» **What needs to be done**
Transcribe, word for word and without additions, each line below from the one containing "s (lmul a c) (lmul b c)." through the one containing "revert H; apply rst_mono;", both ends included.

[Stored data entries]
(* Let $B$ be a blueprint and let $I\subseteq B$ be an ideal of $B$ that contains all absorbing elements of $B$. Then $\sim_I$ is a congruence on $B$, its absorbing ideal $I_{\sim_I}$ equals $I$, and $\sim_I$ is the smallest congruence on $B$ whose absorbing ideal is $I$.
   Context: A monoid is a commutative semigroup $A$, written multiplicatively, with neutral element $1$. For a monoid $A$, $\mathbb N[A]$ denotes the semiring of finite formal sums $\sum a_i$ of elements $a_i\in A$ (repetitions allowed), with empty sum $\underline0$ and multiplication extended bilinearly from $A$. A pre-addition on $A$ is a relation $\mathcal R\subseteq\mathbb N[A]\times\mathbb N[A]$, written $\sum a_i\equiv\sum b_j$, which is an equivalence relation and satisfies: if $\sum a_i\equiv\sum b_j$ and $\sum c_k\equiv\sum d_l$, then $\sum a_i+\sum c_k\equiv\sum b_j+\sum d_l$ and $\sum_{i,k}a_ic_k\equiv\sum_{j,l}b_jd_l$. A blueprint $B=(A,\mathcal R)$ is a monoid $A$ with a pre-addition $\mathcal R$; we write $a\in B$ for $a\in A$. An element $e$ with $e\equiv\underline0$ is a zero of $B$; an element $e$ with $eb\equiv e$ for all $b\in B$ is an absorbing element. For an equivalence relation $\sim$ on $A$, its linear extension $\sim_{\mathbb N}$ is the equivalence relation on $\mathbb N[A]$ generated by $\sum_{i=1}^n a_i\sim_{\mathbb N}\sum_{i=1}^n b_i$ whenever $a_i\sim b_i$ for all $i$; and $\sim_{\mathcal R}$ is the smallest equivalence relation on $\mathbb N[A]$ containing both $\mathcal R$ and $\sim_{\mathbb N}$. A congruence on $B$ is an equivalence relation $\sim$ on $A$ such that (C1) $\sim_{\mathbb N}$ is a pre-addition on $A$, and (C2) the restriction of $\sim_{\mathcal R}$ to $A$ equals $\sim$. The absorbing ideal of a congruence $\sim$ is $I_\sim=\{e\in B: eb\sim e\text{ for all }b\in B\}$. For a subset $I\subseteq B$, let $\sim^I$ be the equivalence relation on $A$ with $a\sim^I b$ iff $a=b$ or $a,b\in I$, and let $\sim_I$ be the relation on $A$ with $a\sim_I b$ iff there is a finite sequence $a\equiv\sum_k c_{1,k}\sim^I_{\mathbb N}\sum_k d_{1,k}\equiv\sum_k c_{2,k}\sim^I_{\mathbb N}\cdots\sim^I_{\mathbb N}\sum_k d_{n,k}\equiv b$ with $c_{i,k},d_{i,k}\in A$ (equivalently, $\sim_I$ is the restriction of $(\sim^I)_{\mathcal R}$ to $A$). An ideal of $B$ is a subset $I\subseteq B$ such that (I1) $ab\in I$ for all $a\in I$, $b\in B$; (I2) every zero of $B$ lies in $I$; (I3) if $a\sim_I b$ and $b\in I$, then $a\in I$. *)

From Stdlib Require Import List Permutation Relations.
Import ListNotations.
Set Implicit Arguments.

(* Formal sums in N[A] are represented by lists; two lists denote the same
   element of N[A] iff they are permutations of each other.  Relations on
   N[A] correspond exactly to relations on lists that are saturated under
   Permutation (for equivalence relations: that contain Permutation). *)

Section Blueprints.
Variable A : Type.
Variable mul : A -> A -> A.

Definition lmul (l1 l2 : list A) : list A :=
  flat_map (fun a => map (fun c => mul a c) l2) l1.

Definition is_equiv {T : Type} (R : T -> T -> Prop) : Prop :=
  (forall x, R x x) /\ (forall x y, R x y -> R y x) /\
  (forall x y z, R x y -> R y z -> R x z).

(* pre-addition: an equivalence relation on N[A] (i.e. on lists, compatible
   with reordering) closed under sums and products *)
Definition is_preaddition (R : list A -> list A -> Prop) : Prop :=
  is_equiv R /\
  (forall l1 l2, Permutation l1 l2 -> R l1 l2) /\
  (forall a b c d, R a b -> R c d -> R (a ++ c) (b ++ d)) /\
  (forall a b c d, R a b -> R c d -> R (lmul a c) (lmul b d)).

(* linear extension sim_N of an equivalence relation sim on A:
   equivalence on N[A] generated by sum a_i ~ sum b_i with a_i ~ b_i *)
Definition linext (sim : A -> A -> Prop) : list A -> list A -> Prop :=
  clos_refl_sym_trans (list A)
    (fun l1 l2 => Permutation l1 l2 \/ Forall2 sim l1 l2).

Definition linextR (R : list A -> list A -> Prop) (sim : A -> A -> Prop)
  : list A -> list A -> Prop :=
  clos_refl_sym_trans (list A) (fun l1 l2 => R l1 l2 \/ linext sim l1 l2).
End Blueprints.

Record Blueprint := {
  bp_car :> Type;
  bp_mul : bp_car -> bp_car -> bp_car;
  bp_one : bp_car;
  bp_mulA : forall a b c, bp_mul a (bp_mul b c) = bp_mul (bp_mul a b) c;
  bp_mulC : forall a b, bp_mul a b = bp_mul b a;
  bp_mul1 : forall a, bp_mul bp_one a = a;
  bp_R : list bp_car -> list bp_car -> Prop;
  bp_R_pre : is_preaddition bp_mul bp_R
}.

Section BlueprintDefs.
Variable B : Blueprint.
Local Notation mul := (bp_mul B).
Local Notation R := (bp_R B).

(* e is a zero: e == 0 (empty sum) *)
Definition is_zero (e : B) : Prop := R [e] [].

Definition is_absorbing (e : B) : Prop := forall b : B, R [mul e b] [e].

Definition congruence (sim : B -> B -> Prop) : Prop :=
  is_equiv sim /\
  is_preaddition mul (linext sim) /\
  (forall a b : B, linextR R sim [a] [b] <-> sim a b).

Definition absorbing_ideal (sim : B -> B -> Prop) (e : B) : Prop :=
  forall b : B, sim (mul e b) e.

Definition simsup (I : B -> Prop) (a b : B) : Prop :=
  a = b \/ (I a /\ I b).

(* ~_I : restriction of (~^I)_R to A *)
Definition simI (I : B -> Prop) (a b : B) : Prop :=
  linextR R (simsup I) [a] [b].

Definition is_ideal (I : B -> Prop) : Prop :=
  (forall a b : B, I a -> I (mul a b)) /\
  (forall e : B, is_zero e -> I e) /\
  (forall a b : B, simI I a b -> I b -> I a).
End BlueprintDefs.
Arguments is_zero {B}.
Arguments is_absorbing {B}.
Arguments congruence {B}.
Arguments absorbing_ideal {B}.
Arguments simsup {B}.
Arguments simI {B}.
Arguments is_ideal {B}.

From Stdlib Require Import List Permutation Relations Classical.
Import ListNotations.
Set Implicit Arguments.

(* The relation ~_I is the restriction to B of the pre-addition generated by
   the pre-addition of B and the identification of I to a point; extending such
   a restriction linearly and closing it under the pre-addition again gives
   nothing new, which is axiom (C2).  If e b ~_I e for all b, then for any z in
   I we get e ~_I e z in I, so e is in I by (I3); if I is empty, ~_I is the
   pre-addition itself on B, so e is absorbing and lies in I by hypothesis.
   Finally a congruence ~ with absorbing ideal I identifies x ~ x y ~ y for all
   x, y in I, hence contains ~^I and therefore ~_I. *)

Section Closure.
Variable T : Type.
Implicit Types r q : T -> T -> Prop.

Lemma rst_is_equiv r : is_equiv (clos_refl_sym_trans T r).
Proof.
  split; [|split]; intros.
  - apply rst_refl.
  - now apply rst_sym.
  - eapply rst_trans; eauto.
Qed.

Lemma rst_minimal r q :
  is_equiv q -> (forall x y, r x y -> q x y) ->
  forall x y, clos_refl_sym_trans T r x y -> q x y.
Proof.
  intros [qrefl [qsym qtrans]] Hrq x y H.
  induction H; eauto.
Qed.

Lemma rst_mono r q :
  (forall x y, r x y -> q x y) ->
  forall x y, clos_refl_sym_trans T r x y -> clos_refl_sym_trans T q x y.
Proof.
  intro Hrq; apply rst_minimal; [apply rst_is_equiv|].
  intros; apply rst_step; auto.
Qed.

Lemma rst_map {U : Type} (f : T -> U) r (q : U -> U -> Prop) :
  (forall x y, r x y -> clos_refl_sym_trans U q (f x) (f y)) ->
  forall x y, clos_refl_sym_trans T r x y -> clos_refl_sym_trans U q (f x) (f y).
Proof.
  intro Hstep; apply (@rst_minimal r (fun x y => clos_refl_sym_trans U q (f x) (f y)));
    [|exact Hstep].
  split; [|split]; intros; [apply rst_refl | now apply rst_sym | eapply rst_trans; eauto].
Qed.

Lemma rst_compatible (op : T -> T -> T) r :
  (forall a b c, r a b -> clos_refl_sym_trans T r (op a c) (op b c)) ->
  (forall a b c, r a b -> clos_refl_sym_trans T r (op c a) (op c b)) ->
  forall a b c d, clos_refl_sym_trans T r a b -> clos_refl_sym_trans T r c d ->
  clos_refl_sym_trans T r (op a c) (op b d).
Proof.
  intros Hl Hr a b c d Hab Hcd.
  apply rst_trans with (op b c).
  - apply (@rst_map _ (fun x => op x c) r); auto.
  - apply (@rst_map _ (op b) r); auto.
Qed.
End Closure.

Section FormalSums.
Variable A : Type.
Variable mul : A -> A -> A.
Hypothesis mulC : forall a b, mul a b = mul b a.
Local Notation lmul := (lmul mul).

Lemma lmul_cons (x : A) (a c : list A) : lmul (x :: a) c = map (mul x) c ++ lmul a c.
Proof. reflexivity. Qed.

Lemma Permutation_lmul_l (a b c : list A) :
  Permutation a b -> Permutation (lmul a c) (lmul b c).
Proof.
  induction 1.
  - constructor.
  - rewrite !lmul_cons; now apply Permutation_app_head.
  - rewrite !lmul_cons, !app_assoc; apply Permutation_app_tail, Permutation_app_comm.
  - eapply Permutation_trans; eauto.
Qed.

Lemma Permutation_lmul_r (a b c : list A) :
  Permutation a b -> Permutation (lmul c a) (lmul c b).
Proof.
  intro H; induction c; [constructor|].
  rewrite !lmul_cons; apply Permutation_app; auto; now apply Permutation_map.
Qed.

Definition mul_compatible (s : A -> A -> Prop) : Prop :=
  forall x y z, s x y -> s (mul x z) (mul y z).

Lemma Forall2_reflexive (s : A -> A -> Prop) :
  (forall x, s x x) -> forall l, Forall2 s l l.
Proof. intros Hs l; induction l; constructor; auto. Qed.

Lemma Forall2_lmul_l (s : A -> A -> Prop) (a b c : list A) :
  mul_compatible s -> Forall2 s a b -> Forall2 s (lmul a c) (lmul b c).
Proof.
  intros Hs; induction 1; [constructor|].
  rewrite !lmul_cons; apply Forall2_app; auto.
  clear IHForall2; induction c; constructor; auto.
Qed.

Lemma Forall2_lmul_r (s : A -> A -> Prop) (a b c : list A) :
  mul_compatible s -> Forall2 s a b -> Forall2 s (lmul c a) (lmul c b).
Proof.
  intros Hs Hab; induction c; [constructor|].
  rewrite !lmul_cons; apply Forall2_app; auto.
  clear IHc; induction Hab; constructor; auto.
  rewrite (mulC a0 x), (mulC a0 y); auto.
Qed.

Lemma linext_preaddition (s : A -> A -> Prop) :
  (forall x, s x x) -> mul_compatible s -> is_preaddition mul (linext s).
Proof.
  intros Hrefl Hs; unfold linext.
  split; [apply rst_is_equiv|split; [intros; apply rst_step; now left|split]];
    apply rst_compatible; intros a b c [H|H]; apply rst_step.
  - left; now apply Permutation_app_tail.
  - right; auto using Forall2_app, Forall2_reflexive.
  - left; now apply Permutation_app_head.
  - right; auto using Forall2_app, Forall2_reflexive.
  - left; now apply Permutation_lmul_l.
  - right; now apply Forall2_lmul_l.
  - left; now apply Permutation_lmul_r.
  - right; now apply Forall2_lmul_r.
Qed.

Lemma rst_union_preaddition (P Q : list A -> list A -> Prop) :
  is_preaddition mul P -> is_preaddition mul Q ->
  is_preaddition mul (clos_refl_sym_trans (list A) (fun x y => P x y \/ Q x y)).
Proof.
  intros [[Prefl _] [Pperm [Papp Pmul]]] [[Qrefl _] [_ [Qapp Qmul]]].
  split; [apply rst_is_equiv|split; [intros; apply rst_step; left; auto|split]];
    apply rst_compatible; intros a b c [H|H]; apply rst_step; auto.
Qed.

Lemma linextR_preaddition (R : list A -> list A -> Prop) (s : A -> A -> Prop) :
  is_preaddition mul R -> (forall x, s x x) -> mul_compatible s ->
  is_preaddition mul (linextR R s).
Proof.
  intros HR Hrefl Hs.
  exact (rst_union_preaddition HR (linext_preaddition Hrefl Hs)).
Qed.

Lemma linextR_mono (R : list A -> list A -> Prop) (s1 s2 : A -> A -> Prop) :
  (forall x y, s1 x y -> s2 x y) ->
  forall l1 l2, linextR R s1 l1 l2 -> linextR R s2 l1 l2.
Proof.
  intro Hs; apply rst_mono; intros l1 l2 [H|H]; [now left | right].
  revert H; apply rst_mono; intros x y [H|H]; [now left | right].
  exact (Forall2_impl _ Hs H).
Qed.

Lemma linextR_of_discrete (R : list A -> list A -> Prop) (s : A -> A -> Prop) :
  is_preaddition mul R -> (forall x y, s x y -> x = y) ->
  forall l1 l2, linextR R s l1 l2 -> R l1 l2.
Proof.
  intros [Requiv [Rperm _]] Hs; pose proof Requiv as [Rrefl _].
  apply rst_minimal; auto; intros l1 l2 [H|H]; auto.
  revert H; apply rst_minimal; auto; intros x y [H|H]; auto.
  assert (x = y) as <- by (induction H; f_equal; auto).
  apply Rrefl.
Qed.
End FormalSums.

Section Restriction.
Variable B : Blueprint.
Local Notation mul := (bp_mul B).
Local Notation R := (bp_R B).

Definition restrictR (s : B -> B -> Prop) (a b : B) : Prop := linextR R s [a] [b].

Variable s : B -> B -> Prop.
Hypothesis s_refl : forall x, s x x.
Hypothesis s_mul : mul_compatible mul s.

Lemma linextR_restrictR l1 l2 : linextR R (restrictR s) l1 l2 -> linextR R s l1 l2.
Proof.
  pose proof (linextR_preaddition (bp_mulC B) (bp_R_pre B) s_refl s_mul)
    as [Lequiv [Lperm [Lapp _]]].
  apply rst_minimal; auto; intros k1 k2 [H|H]; [now apply rst_step; left|].
  revert H; apply rst_minimal; auto; intros x y [H|H]; auto.
  induction H as [|a b k k' Hab _ IH]; [apply rst_refl|].
  exact (Lapp [a] [b] k k' Hab IH).
Qed.

Lemma congruence_restrictR : congruence (restrictR s).
Proof.
  pose proof (linextR_preaddition (bp_mulC B) (bp_R_pre B) s_refl s_mul)
    as [[Lrefl [Lsym Ltrans]] [_ [_ Lmul]]].
  assert (restr_mul : mul_compatible mul (restrictR s)).
  { intros x y z H; exact (Lmul [x] [y] [z] [z] H (rst_refl _ _ _)). }
  split; [|split].
  - split; [|split]; unfold restrictR; intros; [apply Lrefl | now apply Lsym | eauto].
  - exact (linext_preaddition (bp_mulC B) (fun x => rst_refl _ _ _) restr_mul).
  - intros a b; split; [apply linextR_restrictR|].
    intro H; do 2 (apply rst_step; right); now apply Forall2_cons.
Qed.
End Restriction.
Arguments restrictR {B}.

Lemma restrictR_le_congruence (B : Blueprint) (s sim : B -> B -> Prop) :
  congruence sim -> (forall x y, s x y -> sim x y) ->
  forall a b, restrictR s a b -> sim a b.
Proof.
  intros [_ [_ Hsim]] Hs a b H.
  apply Hsim; eapply linextR_mono; [exact Hs | exact H].
Qed.

Section AbsorbingIdeal.
Variable B : Blueprint.
Local Notation mul := (bp_mul B).
Variable I : B -> Prop.
Hypothesis I_mul : forall a b : B, I a -> I (mul a b).

Lemma simsup_mul_compatible : mul_compatible mul (simsup I).
Proof. intros x y z [->|[Hx Hy]]; [now left | right; auto]. Qed.

Lemma absorbing_ideal_simI :
  (forall a b : B, simI I a b -> I b -> I a) ->
  (forall e : B, is_absorbing e -> I e) ->
  forall e : B, absorbing_ideal (simI I) e <-> I e.
Proof.
  intros I_closed I_abs e; split.
  - intro He; destruct (classic (exists z, I z)) as [[z Hz]|Inil].
    + apply (I_closed e (mul e z)); [apply rst_sym, He|].
      rewrite bp_mulC; auto.
    + apply I_abs; intro b.
      refine (linextR_of_discrete (bp_R_pre B) _ (He b)).
      intros x y [->|[Hx _]]; [reflexivity | exfalso; eauto].
  - intros He b; do 2 (apply rst_step; right).
    apply Forall2_cons; [right; auto | constructor].
Qed.

Lemma simsup_le_congruence (sim : B -> B -> Prop) :
  is_equiv sim -> (forall e, I e -> absorbing_ideal sim e) ->
  forall x y, simsup I x y -> sim x y.
Proof.
  intros [sim_refl [sim_sym sim_trans]] Habs x y [->|[Hx Hy]]; auto.
  apply (sim_trans x (mul x y) y); [now apply sim_sym, Habs|].
  rewrite bp_mulC; now apply Habs.
Qed.
End AbsorbingIdeal.

Theorem mainTheorem9 (B : Blueprint) (I : B -> Prop)
  (HI : is_ideal I)
  (Habs : forall e : B, is_absorbing e -> I e) :
  congruence (simI I) /\
  (forall e : B, absorbing_ideal (simI I) e <-> I e) /\
  (forall sim : B -> B -> Prop, congruence sim ->
     (forall e : B, absorbing_ideal sim e <-> I e) ->
     forall a b : B, simI I a b -> sim a b).
Proof.
  destruct HI as [I_mul [_ I_closed]].
  assert (simsup_refl : forall x, simsup I x x) by now left.
  split; [|split].
  - exact (congruence_restrictR _ simsup_refl (simsup_mul_compatible I_mul)).
  - exact (absorbing_ideal_simI I_mul I_closed Habs).
  - intros sim Hsim HabsI.
    apply restrictR_le_congruence; auto.
    apply simsup_le_congruence; [apply Hsim | intro e; apply HabsI].
Qed.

» **Answer box**
  mul_compatible s -> Forall2 s a b -> Forall2 s (lmul a c) (lmul b c).
Proof.
  intros Hs; induction 1; [constructor|].
  rewrite !lmul_cons; apply Forall2_app; auto.
  clear IHForall2; induction c; constructor; auto.
Qed.

Lemma Forall2_lmul_r (s : A -> A -> Prop) (a b c : list A) :
  mul_compatible s -> Forall2 s a b -> Forall2 s (lmul c a) (lmul c b).
Proof.
  intros Hs Hab; induction c; [constructor|].
  rewrite !lmul_cons; apply Forall2_app; auto.
  clear IHc; induction Hab; constructor; auto.
  rewrite (mulC a0 x), (mulC a0 y); auto.
Qed.

Lemma linext_preaddition (s : A -> A -> Prop) :
  (forall x, s x x) -> mul_compatible s -> is_preaddition mul (linext s).
Proof.
  intros Hrefl Hs; unfold linext.
  split; [apply rst_is_equiv|split; [intros; apply rst_step; now left|split]];
    apply rst_compatible; intros a b c [H|H]; apply rst_step.
  - left; now apply Permutation_app_tail.
  - right; auto using Forall2_app, Forall2_reflexive.
  - left; now apply Permutation_app_head.
  - right; auto using Forall2_app, Forall2_reflexive.
  - left; now apply Permutation_lmul_l.
  - right; now apply Forall2_lmul_l.
  - left; now apply Permutation_lmul_r.
  - right; now apply Forall2_lmul_r.
Qed.

Lemma rst_union_preaddition (P Q : list A -> list A -> Prop) :
  is_preaddition mul P -> is_preaddition mul Q ->
  is_preaddition mul (clos_refl_sym_trans (list A) (fun x y => P x y \/ Q x y)).
Proof.
  intros [[Prefl _] [Pperm [Papp Pmul]]] [[Qrefl _] [_ [Qapp Qmul]]].
  split; [apply rst_is_equiv|split; [intros; apply rst_step; left; auto|split]];
    apply rst_compatible; intros a b c [H|H]; apply rst_step; auto.
Qed.

Lemma linextR_preaddition (R : list A -> list A -> Prop) (s : A -> A -> Prop) :
  is_preaddition mul R -> (forall x, s x x) -> mul_compatible s ->
  is_preaddition mul (linextR R s).
Proof.
  intros HR Hrefl Hs.
  exact (rst_union_preaddition HR (linext_preaddition Hrefl Hs)).
Qed.

Lemma linextR_mono (R : list A -> list A -> Prop) (s1 s2 : A -> A -> Prop) :
  (forall x y, s1 x y -> s2 x y) ->
  forall l1 l2, linextR R s1 l1 l2 -> linextR R s2 l1 l2.
Proof.
  intro Hs; apply rst_mono; intros l1 l2 [H|H]; [now left | right].
  revert H; apply rst_mono; intros x y [H|H]; [now left | right].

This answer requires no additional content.